Part O: The Preparations

The following are common start-up instructions. You will want to always follow them when starting analyses.

Start R and open a new script in your SCA7 folder. Title this script “sca07a.R” or something like that.
Now, since we will be using some special R functions that do not exist in the base R package, we will need to import them. Making sure you have an Internet connection, run this line:
source("http://rfs.kvasaheim.com/stat200.R")
When you run this line, R goes to the URL you specified and runs that code. Here, the code only imports several helpful functions. From now forward, I will assume you run this line for every script in this course.
There is no need to load any data. We will generate our own data using random number generators.

Part I: The Overview

As you have already discovered, statistics concerns more than just learning about the sample. More importantly, it concerns learning something about the population. To learn about the population, we calculate statistics on the sample and use our knowledge of the distribution of that statistic to better understand the population parameter.

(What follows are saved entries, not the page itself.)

Lemma tile_partP x :
  [&& (tile_part x).1 \in A, (tile_part x).2 \in B & ((tile_part x).1 + (tile_part x).2) %% M == x].
Proof.
rewrite /tile_part; case: pickP => [ab | none] /=; first by rewrite tile_multE.
by have [ab [h _]] := T x; move: (none ab); rewrite tile_multE h.
Qed.

Lemma tile_part_sum ab : ab \in setX A B -> tile_part (tile_sum M0 (@nat_of_ord M) ab) = ab.
Proof.
move=> abAB; have [ab0 [_ u]] := T (tile_sum M0 (@nat_of_ord M) ab).
by rewrite -(u _ (tile_partP _)) (u ab) // -tile_multE inE abAB eqxx.
Qed.

Lemma sum_tile_part : (\sum_(x : 'I_M) 'X^((tile_part x).1) = polyA A *+ #|B| :> {poly int})%R.
Proof.
rewrite -(sum_tiles_by M0 (fun x : 'I_M => 'X^((tile_part x).1) : {poly int})%R tilesT).
rewrite (eq_bigr (fun ab : 'I_M * 'I_M => 'X^(ab.1))%R) => [|ab abAB]; last first.
  by rewrite tile_part_sum.
rewrite /polyA -sumrMnl (eq_bigr (fun a : 'I_M => \sum_(b in B) 'X^a))%R => [|a _]; last first.
  by rewrite sumr_const.
by rewrite pair_big_dep; apply: eq_bigl => -[a b]; rewrite in_setX.
Qed.

Definition fiber_shift k (x : 'I_M) : 'I_M := Ordinal (ltn_pmod (x + k * q) M0).

Lemma fiber_shift_inj k : injective (fiber_shift k).
Proof.
move=> x y /(congr1 val) /= /eqP; rewrite eqn_modDr !modn_small // => /eqP.
exact: val_inj.
Qed.

Section FiberGcdConsequences.
Hypothesis H : fiber_gcd_condition.

(* With [k = k1 - k2] modulo [p], [x := a' + k q] satisfies [x - a = r (b - b')]
   modulo [M], so the condition at [a'] puts [a] in the [p ^ n]-class of [x]. *)
Lemma fiber_gcd_congr r (a a' b b' : 'I_M) z k1 k2 : coprime r M ->
  a \in A -> a' \in A -> b \in B -> b' \in B ->
  a + r * b = z + k1 * q %[mod M] -> a' + r * b' = z + k2 * q %[mod M] ->
  r * b = r * b' %[mod p ^ n].
Proof.
move=> cr aA a'A bB b'B e1 e2.
set k := (k1 + (p - 1) * k2) %% p.
have kp : k < p by rewrite ltn_pmod ?prime_gt0.
have ek : k2 + k = k1 %[mod p].
  rewrite modnDmr addnA [k2 + k1]addnC -addnA -{1}[k2]mul1n -mulnDl.
  by rewrite subnKC ?prime_gt0 // mulnC addnC modnMDl.
have c1 : a' + k * q + r * b' = a + r * b %[mod M].
  rewrite addnAC (congr_modDl _ e2) -addnA -mulnDl.
  by rewrite (congr_modDr _ (mul_q_congr pM ek)) e1.
have c2 : zdiff M (a' + k * q) a = r * zdiff M b b' %[mod M].
  apply: zdiff_congr (ltnW (ltn_ord a)) _; apply/eqP; rewrite -(eqn_modDr (r * b')).
  rewrite -addnA [a + _]addnC addnA -mulnDr.
  by rewrite (congr_modDl _ (congr_modMr r (zdiffK b (ltnW (ltn_ord b'))))) c1 addnC.
have g : gcdn (zdiff M (a' + k * q) a) M = gcdn (zdiff M b b') M.
  by rewrite (gcdn_congr c2) gcdn_unit.
have := H kp a'A aA bB b'B g; rewrite (dvdn_zdiff _ pnM (ltnW (ltn_ord a))) => /eqP xa.
have := congr_mod_dvd pnM c1; rewrite -modnDml xa modnDml => /eqP.
by rewrite eqn_modDl => /eqP.
Qed.

Lemma fiber_gcd_splits_parity (r : 'I_M) : coprime r M ->
  forall z, splits_parity p n (mulset r B) A (fiber p z).
Proof.
move=> cr z; split=> [c c' cS c'S | a a' aS a'S naa].
  rewrite dvdn_zdiff ?(ltnW (ltn_ord c')) //.
  have [b [a [k [bB aA -> e]]]] := in_Sigma_mulset_fiber cS.
  have [b' [a' [k' [b'B a'A -> e']]]] := in_Sigma_mulset_fiber c'S.
  by rewrite !(modn_dvdm _ pnM) (fiber_gcd_congr cr aA a'A bB b'B e e').
have [b [k1 [bB aA e1]]] := in_Sigma_fiber_mulset aS.
have [b' [k2 [b'B a'A e2]]] := in_Sigma_fiber_mulset a'S.
have EM : a + k2 * q + r * b = a' + k1 * q + r * b' %[mod M].
  by rewrite addnAC (congr_modDl _ e1) [in RHS]addnAC (congr_modDl _ e2) addnAC.
have E : a + k2 * q = a' + k1 * q %[mod p ^ n].
  apply/eqP; rewrite -(eqn_modDr (r * b')); apply/eqP.
  by rewrite -(congr_modDr _ (fiber_gcd_congr cr aA a'A bB b'B e1 e2)) (congr_mod_dvd pnM EM).
have k12 : k1 != k2.
  apply: contra naa => /eqP ek; apply/eqP.
  have e : a + r * b = a' + r * b' %[mod M] by rewrite e1 e2 ek.
  exact: (dilate_tile_uniq M0 T cr aA a'A bB b'B e).1.
have a'M := ltnW (ltn_ord a').
have sq := pexp_pred_dvd_q M0 pp pM.
have sM : p ^ n.-1 %| M := dvdn_trans (dvdn_exp2l p (leq_pred n)) pnM.
split; rewrite dvdn_zdiff //; last first.
  apply/negP => /eqP ea; move: E; rewrite -modnDml ea modnDml => /eqP.
  by rewrite eqn_modDl; apply/negP; rewrite eq_sym mul_q_neq.
have := congr_mod_dvd (dvdn_exp2l p (leq_pred n)) E.
rewrite -modnDmr (eqP (dvdn_mull k2 sq)) addn0.
by rewrite -[in RHS]modnDmr (eqP (dvdn_mull k1 sq)) addn0 => ->.
Qed.

Lemma fiber_gcd_Div m : p ^ n %| m -> m %| M -> Div A m -> ~ Div B (m %/ p).
Proof.
move=> pm mM [a [a' [aA a'A ga]]] [b [b' [bB b'B gb]]].
have pu : p ^ n %| zdiff M a a' by apply: dvdn_trans pm _; rewrite -ga dvdn_gcdl.
have ex := zdiffDl a (1 * q) (ltnW (ltn_ord a')).
have kp : 0 < 1 < p by rewrite prime_gt1.
have g : gcdn (zdiff M (a + 1 * q) a') M = gcdn (zdiff M b b') M.
  by rewrite (gcdn_congr ex) (gcdn_shift_pexp M0 pp pM kp pu) ga gb.
have := H (prime_gt1 pp) aA a'A bB b'B g.
by rewrite (dvdn_congr pnM ex) dvdn_addr // mul1n (negbTE (pexp_ndvd_q M0 pp pM)).
Qed.
Record SubDC (C : DC) : Type := {
  sO : Ob C -> Prop; sV : VM C -> Prop; sH : HM C -> Prop; sC : Cell C -> Prop;
  s_vdom : forall f, sV f -> sO (vdom f);
  s_vcod : forall f, sV f -> sO (vcod f);
  s_vid : forall x, sO x -> sV (vid x);
  s_vcomp : forall f g (e : vcod f = vdom g), sV f -> sV g -> sV (vcomp f g e);
  s_cdom : forall a, sC a -> sH (cdom a);
  s_ccod : forall a, sC a -> sH (ccod a);
  s_cid : forall h, sH h -> sC (cid h);
  s_ccomp : forall a b (e : ccod a = cdom b), sC a -> sC b -> sC (ccomp a b e);
  s_hsrc : forall h, sH h -> sO (hsrc h);
  s_htgt : forall h, sH h -> sO (htgt h);
  s_csrc : forall a, sC a -> sV (csrc a);
  s_ctgt : forall a, sC a -> sV (ctgt a);
  s_hunit : forall x, sO x -> sH (hunit x);
  s_cunit : forall f, sV f -> sC (cunit f);
  s_hcomp : forall h k (e : htgt h = hsrc k), sH h -> sH k -> sH (hcomp h k e);
  s_chcomp : forall a b (e : ctgt a = csrc b), sC a -> sC b -> sC (chcomp a b e);
  s_assoc : forall h k l p q, sH h -> sH k -> sH l -> sC (assoc h k l p q);
  s_assoc_inv : forall h k l p q, sH h -> sH k -> sH l -> sC (assoc_inv h k l p q);
  s_lunit : forall h, sH h -> sC (lunit h);
  s_lunit_inv : forall h, sH h -> sC (lunit_inv h);
  s_runit : forall h, sH h -> sC (runit h);
  s_runit_inv : forall h, sH h -> sC (runit_inv h) }.

Arguments sO {C} _ _. Arguments sV {C} _ _. Arguments sH {C} _ _. Arguments sC {C} _ _.

Definition complete {C : DC} (S : SubDC C) : Prop :=
  (forall x, sO S x) /\ (forall f, sV S f) /\ (forall h, sH S h).

Definition globular {C : DC} (a : Cell C) : Prop :=
  (exists x, csrc a = vid x) /\ (exists y, ctgt a = vid y).

(* the admissible sub-double categories whose intersection is gamma C *)
Definition gadm {C : DC} (S : SubDC C) : Prop :=
  complete S /\ (forall a : Cell C, globular a -> sC S a).

Definition gammaSub (C : DC) : SubDC C.
Proof.
  refine (Build_SubDC C
    (fun x => forall S, gadm S -> sO S x) (fun f => forall S, gadm S -> sV S f)
    (fun h => forall S, gadm S -> sH S h) (fun a => forall S, gadm S -> sC S a)
    _ _ _ _ _ _ _ _ _ _ _ _ _ _ _ _ _ _ _ _ _ _);
  intros; match goal with T : SubDC C, HT : gadm _ |- _ =>
  first
  [ apply (s_vdom C T); auto | apply (s_vcod C T); auto | apply (s_vid C T); auto
  | apply (s_vcomp C T); auto | apply (s_cdom C T); auto | apply (s_ccod C T); auto
  | apply (s_cid C T); auto | apply (s_ccomp C T); auto | apply (s_hsrc C T); auto
  | apply (s_htgt C T); auto | apply (s_csrc C T); auto | apply (s_ctgt C T); auto
  | apply (s_hunit C T); auto | apply (s_cunit C T); auto | apply (s_hcomp C T); auto
  | apply (s_chcomp C T); auto | apply (s_assoc C T); auto | apply (s_assoc_inv C T); auto
  | apply (s_lunit C T); auto | apply (s_lunit_inv C T); auto | apply (s_runit C T); auto
  | apply (s_runit_inv C T); auto ] end.
Defined.

Definition sub_DC (C : DC) (S : SubDC C) : DC :=
  mkDC
    {x : Ob C | sO S x} {f : VM C | sV S f} {h : HM C | sH S h} {a : Cell C | sC S a}
    (fun f => exist _ (vdom (proj1_sig f)) (s_vdom C S _ (proj2_sig f)))
    (fun f => exist _ (vcod (proj1_sig f)) (s_vcod C S _ (proj2_sig f)))
    (fun x => exist _ (vid (proj1_sig x)) (s_vid C S _ (proj2_sig x)))
    (fun f g e => exist _ (vcomp (proj1_sig f) (proj1_sig g) (f_equal (@proj1_sig _ _) e))
                    (s_vcomp C S _ _ _ (proj2_sig f) (proj2_sig g)))
    (fun a => exist _ (cdom (proj1_sig a)) (s_cdom C S _ (proj2_sig a)))
    (fun a => exist _ (ccod (proj1_sig a)) (s_ccod C S _ (proj2_sig a)))
    (fun h => exist _ (cid (proj1_sig h)) (s_cid C S _ (proj2_sig h)))
    (fun a b e => exist _ (ccomp (proj1_sig a) (proj1_sig b) (f_equal (@proj1_sig _ _) e))
                    (s_ccomp C S _ _ _ (proj2_sig a) (proj2_sig b)))
    (fun h => exist _ (hsrc (proj1_sig h)) (s_hsrc C S _ (proj2_sig h)))
    (fun h => exist _ (htgt (proj1_sig h)) (s_htgt C S _ (proj2_sig h)))
    (fun a => exist _ (csrc (proj1_sig a)) (s_csrc C S _ (proj2_sig a)))
    (fun a => exist _ (ctgt (proj1_sig a)) (s_ctgt C S _ (proj2_sig a)))
    (fun x => exist _ (hunit (proj1_sig x)) (s_hunit C S _ (proj2_sig x)))
    (fun f => exist _ (cunit (proj1_sig f)) (s_cunit C S _ (proj2_sig f)))
    (fun h k e => exist _ (hcomp (proj1_sig h) (proj1_sig k) (f_equal (@proj1_sig _ _) e))
                    (s_hcomp C S _ _ _ (proj2_sig h) (proj2_sig k)))
    (fun a b e => exist _ (chcomp (proj1_sig a) (proj1_sig b) (f_equal (@proj1_sig _ _) e))
                    (s_chcomp C S _ _ _ (proj2_sig a) (proj2_sig b)))
    (fun h k l p q => exist _ (assoc (proj1_sig h) (proj1_sig k) (proj1_sig l)
                                 (f_equal (@proj1_sig _ _) p) (f_equal (@proj1_sig _ _) q))
                        (s_assoc C S _ _ _ _ _ (proj2_sig h) (proj2_sig k) (proj2_sig l)))
    (fun h k l p q => exist _ (assoc_inv (proj1_sig h) (proj1_sig k) (proj1_sig l)
                                 (f_equal (@proj1_sig _ _) p) (f_equal (@proj1_sig _ _) q))
                        (s_assoc_inv C S _ _ _ _ _ (proj2_sig h) (proj2_sig k) (proj2_sig l)))
    (fun h => exist _ (lunit (proj1_sig h)) (s_lunit C S _ (proj2_sig h)))
    (fun h => exist _ (lunit_inv (proj1_sig h)) (s_lunit_inv C S _ (proj2_sig h)))
    (fun h => exist _ (runit (proj1_sig h)) (s_runit C S _ (proj2_sig h)))
    (fun h => exist _ (runit_inv (proj1_sig h)) (s_runit_inv C S _ (proj2_sig h))).

Definition gammaDC (C : DC) : DC := sub_DC C (gammaSub C).

Definition eps (C : DC) : DF (gammaDC C) C :=
  mkDF (gammaDC C) C
    (fun x => proj1_sig x) (fun f => proj1_sig f) (fun h => proj1_sig h) (fun a => proj1_sig a)
    (fun x => cid (hunit (proj1_sig x)))
    (fun h k e => cid (hcomp (proj1_sig h) (proj1_sig k) (f_equal (@proj1_sig _ _) e))).

Definition globgen (D : DC) : Prop :=
  (forall x, sO (gammaSub D) x) /\ (forall f, sV (gammaSub D) f) /\
  (forall h, sH (gammaSub D) h) /\ (forall a, sC (gammaSub D) a).

From Pilot Require Import Defs.
From Stdlib Require Import ProofIrrelevance ClassicalEpsilon FunctionalExtensionality.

This part shows how to better understand the distribution of the sample mean. The process can easily be generalized to different data generating function and different statistics. We will see this later in this SCA.

The first step is to select a distribution (data-generating function) and a sample size that produce our data. We will know all aspects of this population so that we can see how our sample statistic compares to the population statistic. Without loss of generality, let us specify that the random variable is generated from a Normal process with mean 0 and standard deviation 1. That is, let \(X \sim N(0, 1)\). While we are here, let us also specify that the sample size is n = 10. x = rnorm(10, m=0, s=1)
Next, let us calculate the sample mean from this sample and save it in the variable mn. mn = mean(x)
Now, the variable mn holds the sample mean from this particular sample. To see the sample, enter x. To see the sample mean, enter mn.
Since we want to explore the distribution of the sample means, we need more than one value. So, let us repeat the above two lines 10 times. What is the distribution of mn?
Oops! Each time you run those two lines, the value in mn is overwritten by the new values. So, at the end of running those lines 10 times, you only have one value in mn. We really want R to save the new sample mean without losing the previous values.
To accomplish this, we need to change the variable mn into a vector and specify which element of the vector the new sample mean will be stored in. Here are the two lines that accomplish this: mn = numeric() mn[i] = mean(x)
We also need to tell R to loop through two of the lines multiple times. We will use the for function to accomplish that. The for function specifies the index and the range you want the index to sequence through.
And so, without further ado, here is the entire code to generate means from B = 1000 samples, with each of size n = 10 drawn from a Normal distribution with \(\mu=0\) and \(\sigma=1\) mn = numeric() for(i in 1:1000) { x = rnorm(10, m=0, s=1) mn[i] = mean(x) } Since this code is so important, let us refer to this code block as THE RING. I will let you draw your own conclusions about my taste in movies.
After you run those lines, the variable mn will contain 1000 sample means. Thus, we can view its distribution: hist(mn) or, if you think mn should follow a Normal distribution, overlay(mn) We can calculate its mean and variance, mean(mn) var(mn) We can determine whether it is “sufficiently” skewed, hildebrand.rule(mn) More importantly, we can test if the distribution of the sample means actually does follow a Normal distribution, shapiroTest(mn) Note that the ideas behind the Shapiro-Wilk test are beyond the course at this point. We will see them later.
To determine if the distribution of the sample means is “sufficiently” Normal, just look at the “p-value” in the output. If the p-value is greater than 0.05, then the sample means are sufficiently Normal.
Most likely, your p-value will be greater than 0.05. There is a chance that it is not (a 5% chance, in fact), so be aware of this. If you get a p-value that is too small, feel free to run The Ring again and re-check the results from the Shapiro-Wilk test. Most surely, the p-value will now be greater than 0.05.
Since we are here, let me show you the default overlay plot. It provides the histogram of the measured sample means. It puts a Normal curve to that histogram. And, in the Console window, it gives the mean and standard deviation.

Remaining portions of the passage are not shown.